Fig 1. Timeseries of GCC at Hill Slough calculated with AWB and FWB photos. This is before the FWB photos are rescaled so that FWB GCC has similar values to AWB GCC. Compared to East End and Mayberry, at Hill Slough we don't see any seasonal variation in GCC. Our footprint is mostly populated by pickleweed skeletons (pickleweed was maybe killed by prolonged innundation during initial levee work), and there hasn't been much change in vegetation since the site was flooded in October 2021. However, we do see a clear ~28 day cycle in the GCC data because of the tides. Our photos capture a high marsh system, where at low tide the ground is exposed with maybe a few puddles remaining, to at high tide the ground is under >50cm of water.
Fig 2. Auto White Balance photos taken at Hill Slough at 12:15 each day over the first two weeks or June 2022. Each photos shows a different point in the tidal cycle because the tidal cycle changes by +50 minutes every day.

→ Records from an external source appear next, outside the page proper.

Section Connectivity.
Variables (K : fieldType) (m n : nat).
Local Notation cell := ('I_m * 'I_n)%type.

Lemma span_mulmx_eq0 (X : seq 'rV[K]_(m + n)) (u : 'cV[K]_(m + n)) w :
  w \in <<X>>%VS -> {in X, forall x, x *m u = 0} -> w *m u = 0.
Proof.
move=> /(@coord_span _ _ _ (in_tuple X)) -> Xu; rewrite mulmx_suml big1 // => i _.
by rewrite -scalemxAl Xu ?scaler0 // mem_nth.
Qed.

Lemma cell_vec_mul_col_mx x (a : 'cV[K]_m) (b : 'cV[K]_n) :
  (cell_vec K x *m col_mx a b) 0 0 = a x.1 0 + b x.2 0.
Proof. by rewrite mulmxDl -!rowE !mxE (unsplitK (inl _ x.1)) (unsplitK (inr _ x.2)). Qed.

Fig 3. Timeseries of GCC at Hill Slough. GCC is slightly higher when midday coincides with low tide and photosynthetic organisms on the ground are exposed to the camera's view (e.g., Jun 01 and Jun 14). GCC is slightly lower when midday coincides with high tide and the camera sees only water (e.g., Jun 07). A "solar day" is 24 hours, but a "lunar day" is about 24 hours and 50 minutes, so the whole tidal cycle shifts +50 minutes every "solar day." At noon of each day, the ratio of vegetation:water we see in the photos from day to day will change depending on where we are in the 28-day tidal cycle. When midday photos are taken during low tide and some ground is exposed (e.g., around 2022-06-01 and 2022-06-14), the GCC will be higher to reflect the photosynthetic organisms (algae/biofilms?) that are exposed. When midday photos are taken during high tide (e.g., 2022-06-10), the GCC will be lower because there are no exposed photosynthetic organisms. For Met processing in MATLAB, I believe Ari is using a water level filter to limit analysis to midday photos taken at low tide levels to avoid the tidal influence on GCC values. For the purposes of calculating rescaling factors for this report, keeping all values is better since it gives us a wider range of values. Joe did some initial analysis with the FWB photos when R=1.4, B=1.3 and determined that if we scaled R and B so that R=1.8, B=1.8, the resulting GCC would be the same magnitude as the AWB GCC. I also calculated rescaling factors for R, G, B using linear regression comparing R, G, B between AWB and FWB photos for all daytime data. Restricting the regression to midday data did not provide enough range for a good regression. I forced the regression through 0 and used the slope of the regression line as my rescaling factor. DOY 2022-19 to 2022-194 when R=1.4, B=1.3
Fig 4. Timeseries of red, green, and blue values of AWB and FWB R1.4, B1.3 photos.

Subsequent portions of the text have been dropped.